◆ Collected data
......

(* Let $n\geqslant 1$ and let $T$ be a basic tree with $2n$ vertices. Let $D$ be the directed graph obtained from $T$ by replacing every edge $ab$ of $T$ by the two directed edges $\overrightarrow{ab}$ and $\overrightarrow{ba}$. Then $\Delta(D)$ is homotopy equivalent to the sphere $\mathbb{S}^{n-1}$.
   Context: A basic tree is either a tree with exactly two vertices, or a tree with $2n$ vertices, $n$ of which are leaves and $n$ non-leaves, such that every non-leaf is adjacent to exactly one leaf. For a finite directed graph $D$, $\Delta(D)$ has the directed edges of $D$ as vertices and the edge sets of directed forests in $D$ (vertex-disjoint unions of rooted directed trees; equivalently, edge sets in which every vertex has in-degree at most $1$ and there is no directed cycle) as faces. *)

From HB Require Import structures.
From mathcomp Require Import all_boot all_order all_algebra.
From mathcomp Require Import all_classical all_reals all_analysis.
Unset Printing Implicit Defensive.
Import Order.TTheory GRing.Theory Num.Theory.

Import numFieldNormedType.Exports.
Local Open Scope classical_set_scope.
Local Open Scope ring_scope.

Definition simple_graph (V : finType) (e : rel V) : Prop :=
  symmetric e /\ irreflexive e.
Arguments simple_graph {V} e.

Definition graph_connected (V : finType) (e : rel V) : Prop :=
  forall x y : V, connect e x y.
Arguments graph_connected {V} e.

Definition graph_acyclic (V : finType) (e : rel V) : Prop :=
  forall p : seq V, uniq p -> (3 <= size p)%N -> ~~ cycle e p.
Arguments graph_acyclic {V} e.

Definition is_tree (V : finType) (e : rel V) : Prop :=
  simple_graph e /\ graph_connected e /\ graph_acyclic e.
Arguments is_tree {V} e.

Definition degree (V : finType) (e : rel V) (x : V) : nat := #|[set y | e x y]%SET|.
Arguments degree {V} e x.

Definition is_leaf (V : finType) (e : rel V) (x : V) : bool := degree e x == 1%N.
Arguments is_leaf {V} e x.

Definition basic_tree (V : finType) (e : rel V) : Prop :=
  is_tree e /\
  ( #|V| = 2%N \/
    exists n : nat,
      [/\ #|V| = (2 * n)%N,
          #|[set x | is_leaf e x]%SET| = n,
          #|[set x | ~~ is_leaf e x]%SET| = n &
          forall x : V, ~~ is_leaf e x ->
            #|[set y | e x y & is_leaf e y]%SET| = 1%N]).
Arguments basic_tree {V} e.

Definition arc (W : finType) (D : rel W) := {p : W * W | D p.1 p.2}.
Arguments arc {W} D.

Definition double_orient (V : finType) (e : rel V) : rel V :=
  fun a b => e a b || e b a.
Arguments double_orient {V} e _ _.

Definition directed_forest (W : finType) (D : rel W) (F : {set arc D}) : Prop :=
  (forall v : W, #|[set a in F | (val a).2 == v]%SET| <= 1)%N /\
  (forall p : seq W, p != [::] ->
     ~~ cycle (fun u v => [exists a in F, val a == (u, v)]) p).
Arguments directed_forest {W} D F.

(* Geometric realization of a finite abstract simplicial complex on the finite
   vertex set A with faces [face]: the subspace of R^A (with its product =
   Euclidean topology) of points x with x >= 0,
   sum x = 1 and support of x a face. *)
Definition realization (R : realType) (A : finType) (face : {set A} -> Prop)
  : set {ptws A -> R} :=
  [set x | (forall a, 0 <= x a) /\ \sum_(a : A) x a = 1 /\
           face [set a | x a != 0]%SET].
Arguments realization R {A} face _.

Definition Delta_realization (R : realType) (W : finType) (D : rel W) : set {ptws arc D -> R} :=
  realization R (@directed_forest W D).
Arguments Delta_realization R {W} D _.

(* The unit sphere S^(m) in R^(m+1); here given as the sphere in R^k,
   i.e. S^(k-1). *)
Definition sphere_in (R : realType) (k : nat) : set {ptws 'I_k -> R} :=
  [set x | \sum_(i < k) x i ^+ 2 = 1].
Arguments sphere_in R k _.

Definition homotopic_on (R : realType) (X Y : topologicalType)
  (A : set X) (B : set Y) (f g : X -> Y) : Prop :=
  exists H : R * X -> Y,
    [/\ {within `[(0:R), 1] `*` A, continuous H},
        (forall x, A x -> H (0, x) = f x /\ H (1, x) = g x) &
        (forall t x, `[(0:R), 1]%classic t -> A x -> B (H (t, x)))].
Arguments homotopic_on R {X Y} A B f g.

Definition homotopy_equivalent (R : realType) (X Y : topologicalType)
  (A : set X) (B : set Y) : Prop :=
  exists (f : X -> Y) (g : Y -> X),
    [/\ {within A, continuous f}, {within B, continuous g},
        (forall x, A x -> B (f x)) /\ (forall y, B y -> A (g y)),
        homotopic_on R A A (g \o f) id &
        homotopic_on R B B (f \o g) id].
Arguments homotopy_equivalent R {X Y} A B.

From Pilot Require Import Defs.
From HB Require Import structures.
From mathcomp Require Import all_boot all_order all_algebra.
From mathcomp Require Import all_classical all_reals all_analysis.
From mathcomp Require Import lra.
Import numFieldNormedType.Exports.
Import Order.TTheory GRing.Theory Num.Theory.

Set Implicit Arguments.
Unset Strict Implicit.
Local Open Scope classical_set_scope.
Local Open Scope ring_scope.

......

Each line in the data that holds the word "forall" must be copied.

◆ Answer for the task
  forall x y : V, connect e x y.
  forall p : seq V, uniq p -> (3 <= size p)%N -> ~~ cycle e p.
          forall x : V, ~~ is_leaf e x ->
  (forall v : W, #|[set a in F | (val a).2 == v]%SET| <= 1)%N /\
  (forall p : seq W, p != [::] ->
  [set x | (forall a, 0 <= x a) /\ \sum_(a : A) x a = 1 /\
        (forall x, A x -> H (0, x) = f x /\ H (1, x) = g x) &
        (forall t x, `[(0:R), 1]%classic t -> A x -> B (H (t, x)))].
        (forall x, A x -> B (f x)) /\ (forall y, B y -> A (g y)),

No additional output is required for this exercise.